Moore's Law is the biggest threat to privacy today, according to Phil Zimmermann, the man who in the early 90s developed the Pretty Good Privacy encryption product to bring strong encryption to the masses.
Zimmermann, who was in London for the Infosec security conference in London's Olympia, told ZDNet UK that Moore's Law represents a "blind force" that is fuelling an undirected technology escalation. "The human population does not double every 18 months but its ability to use computers to keep track of us does," he said, referring to what he sees as the threat to privacy from the increased use of surveillance cameras. "You can't encrypt your face."

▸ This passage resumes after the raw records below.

(* Let $a=(a_1,\dots,a_d)\in\mathcal{UN}_d$ and let $A_a=(a_{ij})$ be a real symmetric matrix associated to $a$. Then there exists $\beta\in\mathbb{R}$ such that $a_{ij}^2=\beta^2$ for all $i\neq j$.
   Context: A polynomial in $\mathbb{R}[z]$ is hyperbolic if all its roots are real. A sequence $a\in\mathbb{R}^d$ is a Nuij sequence if for every hyperbolic $p\in\mathbb{R}[z]$ of degree $d$, $p_a(z,s):=p(z)+\sum_{k=1}^d a_k s^k p^{(k)}(z)$ is hyperbolic for all $s\in\mathbb{R}$. A Nuij sequence $a$ admits a universal determinantal representation if there exists a real symmetric $d\times d$ matrix $A_a$ such that for every monic hyperbolic polynomial $p(z)=(z+\lambda_1)\cdots(z+\lambda_d)$ of degree $d$ one has $p_a(z,s)=\det(zI+D+sA_a)$, where $D$ is the diagonal matrix with diagonal entries $\lambda_1,\dots,\lambda_d$ in an arbitrary order; such $A_a$ is called a matrix associated to $a$. $\mathcal{UN}_d$ is the set of Nuij sequences in $\mathbb{R}^d$ admitting a universal determinantal representation. *)

From HB Require Import structures.
From mathcomp Require Import all_boot all_order all_algebra.
From mathcomp Require Import reals.
Set Implicit Arguments. Unset Strict Implicit. Unset Printing Implicit Defensive.
Import Order.TTheory GRing.Theory Num.Theory.
Local Open Scope ring_scope.

Section Nuij.
Variable R : realType.

Definition hyperbolic (p : {poly R}) : Prop :=
  exists (c : R) (rs : seq R), p = c *: \prod_(r <- rs) ('X - r%:P).

(* a : 'I_d -> R, where a k stands for a_{k+1};
   pa a p s = p(z) + sum_{k=1}^d a_k s^k p^(k)(z), as a polynomial in z *)
Definition pa (d : nat) (a : 'I_d -> R) (p : {poly R}) (s : R) : {poly R} :=
  p + \sum_(k < d) (a k * s ^+ k.+1) *: p^`(k.+1).

Definition nuij (d : nat) (a : 'I_d -> R) : Prop :=
  forall p : {poly R}, size p = d.+1 -> hyperbolic p ->
    forall s : R, hyperbolic (pa a p s).

(* A is a (real symmetric) matrix associated to a: for every monic hyperbolic
   p = (z + l_1)...(z + l_d), with the l_i in any order,
   p_a(z,s) = det(zI + D + sA) for all real z, s. *)
Definition associated_matrix (d : nat) (a : 'I_d -> R) (A : 'M[R]_d) : Prop :=
  A^T = A /\
  forall (l : 'I_d -> R) (z s : R),
    (pa a (\prod_(i < d) ('X + (l i)%:P)) s).[z] =
      \det (z%:M + diag_mx (\row_i l i) + s *: A).

Definition UN (d : nat) (a : 'I_d -> R) : Prop :=
  nuij a /\ exists A : 'M[R]_d, associated_matrix a A.

End Nuij.

From HB Require Import structures.
From mathcomp Require Import all_boot all_order all_algebra.
From mathcomp Require Import reals.
From mathcomp Require Import fingroup perm.
Set Implicit Arguments. Unset Strict Implicit. Unset Printing Implicit Defensive.
Import Order.TTheory GRing.Theory Num.Theory.
Local Open Scope ring_scope.

(* Put z = 0 in the defining identity of A: for a 0/1 diagonal D with n zeros,
   det(D + sA) equals p_a(0, s) for p = z^n (z + 1)^(d - n), so it depends on n only.
   Its coefficient of s is A_ii when the only zero of D sits at i, and its coefficient
   of s^2 is the principal minor A_ii A_jj - A_ij^2 when the zeros sit at i and j.
   Hence all diagonal entries agree, and then so do all the squares A_ij^2, i != j. *)

Section PermMoved.
Variable T : finType.

Lemma perm_moved (s : {perm T}) : s != 1%g -> exists k, s k != k.
Proof.
move=> s1; case: (pickP (fun k => s k != k)) => [k sk | s_fix]; first by exists k.
by case/eqP: s1; apply/permP => x; rewrite perm1; apply/eqP/negbFE/s_fix.
Qed.

Lemma perm_fix_notin2 (i j : T) (s : {perm T}) : i != j ->
  (forall k, k != i -> k != j -> s k = k) -> s = 1%g \/ s = tperm i j.
Proof.
move=> ij s_fix.
have s_in2 k : (k == i) || (k == j) -> (s k == i) || (s k == j).
  move=> kij; apply/negPn; rewrite negb_or; apply/negP => /andP[ski skj].
  have /perm_inj Esk := s_fix _ ski skj.
  by move: ski skj; rewrite Esk; case/orP: kij => /eqP->; rewrite eqxx.
have /orP[/eqP si | /eqP si] : (s i == i) || (s i == j)
  by apply: s_in2; rewrite eqxx.
all: have /orP[/eqP sj | /eqP sj] : (s j == i) || (s j == j)
  by apply: s_in2; rewrite eqxx orbT.
all: try by case/eqP: ij; apply: (@perm_inj _ s); rewrite si sj.
- left; apply/permP => x; rewrite perm1.
  have [->//|xi] := eqVneq x i; have [->//|xj] := eqVneq x j.
  exact: s_fix.
- right; apply/permP => x.
  have [->|xi] := eqVneq x i; first by rewrite tpermL.
  have [->|xj] := eqVneq x j; first by rewrite tpermR.
  by rewrite tpermD 1?eq_sym // s_fix.
Qed.

Lemma card_moved_gt1 (i : T) (s : {perm T}) : s != 1%g ->
  (1 < #|[pred k | pred1 i k || (s k != k)]|)%N.
Proof.
case/perm_moved=> k sk; apply/card_gt1P; exists k, (s k); split.
- by rewrite inE sk orbT.
- by rewrite inE (inj_eq perm_inj) sk orbT.
- by rewrite eq_sym.
Qed.

Lemma card_moved_gt2 (i j : T) (s : {perm T}) : i != j -> s != 1%g ->
  s != tperm i j -> (2 < #|[pred k | pred2 i j k || (s k != k)]|)%N.
Proof.
move=> ij s1 sij.
case: (pickP (fun k => [&& s k != k, k != i & k != j])) => [k /and3P[sk ki kj] | s_fix].
  apply/card_gt2P; exists i, j, k.
  by rewrite !inE !eqxx sk !orbT ij (eq_sym j) kj ki.
have fix_out k : k != i -> k != j -> s k = k.
  by move=> ki kj; apply/eqP; move: (s_fix k); rewrite ki kj !andbT => /negbFE.
by case: (perm_fix_notin2 ij fix_out) => s_eq; rewrite s_eq eqxx in s1 sij.
Qed.

End PermMoved.

Section Pencil.
Variables (R : comNzRingType) (d : nat) (A : 'M[R]_d).

Definition pencil (e : 'I_d -> R) : 'M[{poly R}]_d :=
  \matrix_(k, l) ((e k *+ (k == l))%:P + 'X * (A k l)%:P).

Definition indC (Z : pred 'I_d) (k : 'I_d) : R := (~~ Z k)%:R.

Lemma horner_det_pencil e s :
  (\det (pencil e)).[s] = \det (diag_mx (\row_k e k) + s *: A).
Proof.
rewrite -horner_evalE -det_map_mx; congr (\det _); apply/matrixP => k l.
by rewrite !mxE /= horner_evalE hornerD hornerM hornerX !hornerC mulrC.
Qed.

Lemma pencil_diag0 e k : e k = 0 -> pencil e k k = 'X * (A k k)%:P.
Proof. by move=> ek; rewrite mxE ek mul0rn add0r. Qed.

Lemma pencil_offdiag e k l : k != l -> pencil e k l = 'X * (A k l)%:P.
Proof. by move=> kl; rewrite mxE (negbTE kl) mulr0n add0r. Qed.

Lemma horner0_pencil_diag e k : (pencil e k k).[0] = e k.
Proof. by rewrite mxE eqxx mulr1n hornerD hornerM hornerX !hornerC mul0r addr0. Qed.

Lemma coef_det_pencil e m : (\det (pencil e))`_m =
  \sum_(s : 'S_d) (-1) ^+ s * (\prod_k pencil e k (s k))`_m.
Proof.
rewrite /determinant coef_sum; apply: eq_bigr => s _.
by case: (odd_perm s); rewrite /= ?expr1 ?expr0 ?mulN1r ?mul1r ?coefN.
Qed.

(* Every factor taken on a zero of [e] or off the diagonal is a multiple of 'X. *)
Lemma coef_prod_pencil_eq0 e (Z : pred 'I_d) (s : 'S_d) m :
  (forall k, Z k -> e k = 0) -> (m < #|[pred k | Z k || (s k != k)]|)%N ->
  (\prod_k pencil e k (s k))`_m = 0.
Proof.
move=> eZ m_lt; rewrite (bigID [pred k | Z k || (s k != k)]) /=.
rewrite (eq_bigr (fun k => 'X * (A k (s k))%:P)); last first.
  move=> k; have [-> | sk] := eqVneq (s k) k; last by rewrite pencil_offdiag 1?eq_sym.
  by rewrite orbF => /eZ /pencil_diag0.
by rewrite big_split /= prodr_const -mulrA mulrC coefMXn m_lt.
Qed.

Lemma coef1_det_pencil i : (\det (pencil (indC (pred1 i))))`_1 = A i i.
Proof.
rewrite coef_det_pencil (bigD1 1%g) //= [X in _ + X]big1 ?addr0 => [|s s1]; last first.
  rewrite (@coef_prod_pencil_eq0 _ (pred1 i)) ?mulr0 ?card_moved_gt1 //.
  by move=> k ik; rewrite /indC ik.
rewrite odd_perm1 expr0 mul1r (bigD1 i) //= perm1 pencil_diag0 /indC /= ?eqxx //.
rewrite -mulrA coefXM /= coefCM -horner_coef0 horner_prod big1 ?mulr1 //.
by move=> k ki; rewrite perm1 horner0_pencil_diag /indC /= ki.
Qed.

Lemma coef2_det_pencil i j : i != j ->
  (\det (pencil (indC (pred2 i j))))`_2 = A i i * A j j - A i j * A j i.
Proof.
move=> ij; set e := indC (pred2 i j).
have e0 k : pred2 i j k -> e k = 0 by move=> kij; rewrite /e /indC kij.
have prod_rest (s : 'S_d) : (forall k, k != i -> k != j -> s k = k) ->
    (\prod_(k | (k != i) && (k != j)) pencil e k (s k)).[0] = 1.
  move=> s_fix; rewrite horner_prod big1 // => k /andP[ki kj].
  by rewrite s_fix // horner0_pencil_diag /e /indC /= (negbTE ki) (negbTE kj).
have t1 : tperm i j != 1%g.
  by apply/eqP => /permP /(_ i); rewrite perm1 tpermL => /eqP; rewrite eq_sym (negbTE ij).
rewrite coef_det_pencil (bigD1 1%g) //= (bigD1 (tperm i j)) //=.
rewrite [X in _ + (_ + X)]big1 ?addr0 => [|s /andP[s_t s1]]; last first.
  by rewrite (coef_prod_pencil_eq0 e0 (card_moved_gt2 ij s_t s1)) mulr0.
rewrite odd_perm1 odd_tperm ij expr0 expr1 mul1r mulN1r.
have split_ij (F : 'I_d -> {poly R}) :
    \prod_k F k = F i * (F j * \prod_(k | (k != i) && (k != j)) F k).
  by rewrite (bigD1 i) //= (bigD1 j) 1?eq_sym.
rewrite !split_ij !perm1 tpermL tpermR.
rewrite !pencil_diag0 ?e0 ?pencil_offdiag //= ?eqxx ?orbT // 1?eq_sym //.
rewrite -!mulrA !coefXM /= !coefCM !coefXM /= !coefCM -!horner_coef0.
by rewrite !prod_rest ?mulr1 // => k ki kj; rewrite ?perm1 ?tpermD 1?eq_sym.
Qed.

End Pencil.
Arguments indC {R d} Z k.

Lemma prod_XaddC_indC (R : comNzRingType) d (Z : pred 'I_d) :
  \prod_k ('X + (indC Z k)%:P) = 'X ^+ #|Z| * ('X + 1) ^+ #|[predC Z]| :> {poly R}.
Proof.
rewrite (bigID Z) /= (eq_bigr (fun=> 'X)) => [|k Zk]; last by rewrite /indC Zk addr0.
rewrite [X in _ * X](eq_bigr (fun=> 'X + 1)) => [|k Zk]; last by rewrite /indC (negbTE Zk).
by rewrite !prodr_const.
Qed.

Lemma poly_horner_eq (R : numDomainType) (p q : {poly R}) :
  (forall x, p.[x] = q.[x]) -> p = q.
Proof.
move=> pq; apply/eqP; rewrite -subr_eq0; apply/eqP.
apply: (@roots_geq_poly_eq0 _ _ [seq n%:R | n <- iota 0 (size (p - q))]).
- by apply/allP => x _; rewrite /root hornerD hornerN pq subrr.
- by rewrite map_inj_uniq ?iota_uniq // => m n /eqP; rewrite eqr_nat => /eqP.
- by rewrite size_map size_iota.
Qed.

Lemma det_pencil_indC_card (R : realType) d (a : 'I_d -> R) (A : 'M[R]_d)
    (Z1 Z2 : pred 'I_d) : associated_matrix a A -> #|Z1| = #|Z2| ->
  \det (pencil A (indC Z1)) = \det (pencil A (indC Z2)).
Proof.
move=> [_ A_pa] Z12; apply: poly_horner_eq => s.
have pencil_pa Z : (\det (pencil A (indC Z))).[s] =
    (pa a ('X ^+ #|Z| * ('X + 1) ^+ #|[predC Z]|) s).[0].
  by rewrite horner_det_pencil -prod_XaddC_indC A_pa raddf0 add0r.
have Z12C : #|[predC Z1]| = #|[predC Z2]|.
  by apply/eqP; rewrite -(eqn_add2l #|Z1|) {2}Z12 !cardC.
by rewrite !pencil_pa Z12 Z12C.
Qed.

Theorem lemma3p4 (R : realType) (d : nat) (a : 'I_d -> R) (A : 'M[R]_d) :
  UN a -> associated_matrix a A ->
  exists beta : R, forall i j : 'I_d, i != j -> A i j ^+ 2 = beta ^+ 2.
Proof.
move=> _ A_assoc.
have A_sym i j : A j i = A i j by case: A_assoc => /matrixP /(_ i j); rewrite mxE.
have A_diag i k : A i i = A k k.
  by rewrite -!coef1_det_pencil (det_pencil_indC_card (Z2 := pred1 k) A_assoc) // !card1.
have A_offdiag i j k l : i != j -> k != l -> A i j ^+ 2 = A k l ^+ 2.
  move=> ij kl; have := coef2_det_pencil A ij.
  rewrite (det_pencil_indC_card (Z2 := pred2 k l) A_assoc); last by rewrite !card2 ij kl.
  rewrite coef2_det_pencil // (A_sym i j) (A_sym k l) (A_diag j i) (A_diag k i) (A_diag l i).
  by move/subrI; rewrite !expr2.
case: (pickP (fun ij : 'I_d * 'I_d => ij.1 != ij.2)) => [[i j] /= ij | no_pair].
  by exists (A i j) => k l kl; apply: A_offdiag.
by exists 0 => k l kl; move: (no_pair (k, l)); rewrite /= kl.
Qed.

Zimmermann wrote PGP in the early 90s as a response to what many civil rights activists in the US saw as increased interest by the US government in gaining access to email. PGP was the first widely adopted strong encryption programme for protecting files and emails, and it landed Zimmermann in a three-year criminal investigation by the US Customs Service under arms export control laws. The case was eventually dropped.

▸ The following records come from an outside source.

(* Let $X$ be a continuous random variable with finite support $[a,b]$. For each $n$, let $X_1, \dots, X_n$ be i.i.d. samples from $X$ and let $X_{(1)} \le X_{(2)} \le \dots \le X_{(n)}$ denote their order statistics. Then $E[X_{(k+1)} - X_{(k)}] \to 0$ as $n \to \infty$ uniformly in $k$; that is, for every $\varepsilon > 0$ there exists $N$ such that for all $n > N$ and all $1 \le k \le n-1$, $E[X_{(k+1)} - X_{(k)}] < \varepsilon$. *)

From HB Require Import structures.
From mathcomp Require Import all_boot all_order all_algebra.
From mathcomp Require Import all_classical all_reals all_analysis.
Set Implicit Arguments. Unset Strict Implicit. Unset Printing Implicit Defensive.
Import Order.TTheory GRing.Theory Num.Theory.
Import numFieldNormedType.Exports.
Local Open Scope classical_set_scope.
Local Open Scope ring_scope.

(* X is a continuous random variable: its distribution has no atoms
   (equivalently its CDF is continuous). *)
Definition continuous_rv d (T : measurableType d) (R : realType)
  (P : probability T R) (X : {RV P >-> R}) : Prop :=
  forall x : R, P (X @^-1` [set x]) = 0%E.

Definition support_is d (T : measurableType d) (R : realType)
  (P : probability T R) (X : {RV P >-> R}) (a b : R) : Prop :=
  P (X @^-1` `[a, b]) = 1%E /\
  forall x : R, a <= x <= b -> forall r : R, 0 < r ->
    (0 < P (X @^-1` ball x r))%E.

Definition mutually_independent d (T : measurableType d) (R : realType)
  (P : probability T R) (n : nat) (Xs : 'I_n -> {RV P >-> R}) : Prop :=
  forall B : 'I_n -> set R, (forall i, measurable (B i)) ->
    P (\bigcap_(i in [set: 'I_n]) (Xs i @^-1` B i)) =
    (\prod_(i < n) P (Xs i @^-1` B i))%E.

Definition same_law d (T : measurableType d) d' (T' : measurableType d')
  (R : realType) (P : probability T R) (Y : {RV P >-> R})
  (P' : probability T' R) (X : {RV P' >-> R}) : Prop :=
  forall B : set R, measurable B -> P (Y @^-1` B) = P' (X @^-1` B).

Today, Zimmerman sees surveillance as the biggest threat to civil liberties and nowhere, he believes, is this more egregious than in the UK. "You have millions of CCTV cameras here. Every citizen is monitored, and this creates pressure to adhere to conformist behaviour. The original purpose of cameras was to catch terrorists, but to my knowledge they haven't caught many terrorists using cameras."
While laws that are brought in during times of a perceived increase in threats to national security, they can be relatively easily repealed, said Zimmermann. "The technology market doesn't work that way. It has more inertia, and is more insidious. When you put computer technology behind surveillance apparatus, the problem gets worse."
And this is where Moore's Law comes in, said Zimmermann, who stressed that he was speaking in a personal capacity not connected with his association with PGP Corp., the company that now owns the rights to the PGP product.